Now a small glimmer of hope has emerged from last week's intensive, American-led focus on the conflict in the United Nations Security Council. After a week of discussions that included all six heads of state currently involved in the conflict, the Clinton administration announced that it will back Secretary General Kofi Annan's proposal for a peacekeeping operation that would include about 5,000 troops in support of 500 cease-fire monitors. No American troops would be involved. The force would be made up mostly of Africans, paid for by U.N. members. It is expected to cost $280 million for the current fiscal year, and the United States would be asked to contribute roughly one-fourth.
There is reason to be wary of another potentially dangerous U.N. peacekeeping operation in one of the world's most intractable war zones. But this proposal reflects a growing consensus by the combatants themselves that it is in their own interest to abide by a peace agreement they signed last July. If an environment safe enough for peacekeepers can be established, the plan deserves support.
As it stands now, Congo is split roughly in two. The government of Laurent Kabila, the erratic warlord who toppled the longtime dictator Mobutu Sese Seko in 1997, controls the south and west. He is backed by the armed forces of Angola, Namibia and Zimbabwe. Most of eastern Congo is controlled by three fractious rebel groups backed by Rwanda and Uganda. These groups have minimal popular support. Indeed, some of the worst fighting today is occurring not between state armies and rebel forces, but between indigenous ethnic militias and the rebel factions that they regard as occupying armies serving outside predators. Hit-and-run ambushes, retaliatory massacres, scorched-earth raids on villages and widespread rape are taking place in remote regions of eastern Congo.
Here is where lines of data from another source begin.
(* Keep, in each pair of related points, the one of smaller rank; the other one
   is mapped injectively to its partner. *)
Lemma matching_independent_half (T : finType) (r : T -> T -> Prop) :
  (forall s t, r s t -> r t s) -> (forall s t t', r s t -> r s t' -> t = t') ->
  exists S : {set T}, (#|T| <= 2 * #|S|)%N /\ {in S &, forall s t, s != t -> ~ r s t}.
Proof.
move=> r_sym r_fun.
pose S := [set s | [forall t, `[< r s t >] ==> (enum_rank s <= enum_rank t)%N]].
have inS s t : s \in S -> r s t -> (enum_rank s <= enum_rank t)%N.
  by rewrite inE => /forallP/(_ t)/implyP Ss /asboolP/Ss.
exists S; split; last first.
  move=> s t Ss St neq_st rst; case/eqP: neq_st; apply/enum_rank_inj/val_inj/eqP.
  by rewrite eqn_leq (inS s t) ?(inS t s) //; apply: r_sym.
pose p s := odflt s [pick t | `[< r s t >]].
have p_notin s : s \in ~: S -> r s (p s) /\ p s \in S.
  rewrite !inE negb_forall => /existsP[t]; rewrite negb_imply -ltnNge.
  case/andP=> /asboolP rst lt_ts; rewrite /p.
  case: pickP => [u /asboolP rsu | /(_ t)/asboolP//].
  rewrite -(r_fun _ _ _ rst rsu); split=> //; apply/forallP => v; apply/implyP.
  by move=> /asboolP rtv; rewrite -(r_fun _ _ _ (r_sym _ _ rst) rtv) ltnW.
have p_inj : {in ~: S &, injective p}.
  move=> s s' /p_notin[rs _] /p_notin[rs' _] ps_eq.
  by apply: (r_fun (p s)); [apply: r_sym | rewrite ps_eq; apply: r_sym].
have : (#|~: S| <= #|S|)%N.
  rewrite -(card_in_imset p_inj); apply/subset_leq_card/subsetP => _ /imsetP[s sS ->].
  by case: (p_notin s sS).
by rewrite -(cardsC S) mul2n -addnn leq_add2l.
Qed.

Section ConjugateEmbeddings.
Variables (E : splittingFieldType rat) (iota : {rmorphism E -> algC}).

Definition conjugate_embeddings (s t : gal_of {:E}) : Prop :=
  forall x, iota (s x) = (iota (t x))^*.

Lemma conjugate_embeddings_sym s t :
  conjugate_embeddings s t -> conjugate_embeddings t s.
Proof. by move=> st x; rewrite st conjCK. Qed.

Lemma conjugate_embeddings_uniq s t t' :
  conjugate_embeddings s t -> conjugate_embeddings s t' -> t = t'.
Proof.
move=> st st'; apply/eqP/gal_eqP => x _; apply: (fmorph_inj iota).
by rewrite -[LHS]conjCK -st st' conjCK.
Qed.

End ConjugateEmbeddings.

Lemma mem_Gal_full (E : splittingFieldType rat) (s : gal_of {:E}) :
  s \in 'Gal({:E} / 1%VS)%g.
Proof. by rewrite gal_kHom ?sub1v // k1HomE; apply: ahomWin. Qed.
The peace accord signed by all the key actors in Lusaka, Zambia, last July was intended to lead to an immediate cease-fire and a "national dialogue" among both armed and unarmed groups on the country's future. All sides continue to violate the accord, but large parts of Congo -- a country the size of the United States east of the Mississippi -- are substantially at peace. The proposed U.N. force would not -- and should not -- interpose itself between active combatants. Rather, it would provide security in relatively stable zones, which would
allow monitors to document violations of the accord there. The aim is to reduce security fears on all sides and build confidence that will enable the parties themselves to expand peaceful areas and address the more intractable issues.
Chief among them is the problem of how to neutralize the ethnic Hutu militias that found sanctuary in eastern Congo after participating in Rwanda's genocide in 1994 and have since staged murderous raids into Rwanda and Uganda. The Lusaka accord calls for disarming these groups, but it still is not clear how this will be accomplished. The proposed U.N. force will have a mandate to protect its own troops and civilians, but not to coercively disarm combatants.
The experiences of Somalia, Rwanda and Bosnia have shown the disastrous potential of poorly conceived, ill-defined operations that lack the military or financial means to do the job. But there have been successful U.N. operations in Africa. The U.N. presided over Namibia's transition to independence and monitored elections that brought an end to a terrible war in Mozambique. If a modest commitment of African troops to shore up a shaky cease-fire in Congo reinforces the political will of the contending parties to move forward with their own peace agreement, something positive may be achieved, not just for Congo but for all of Africa.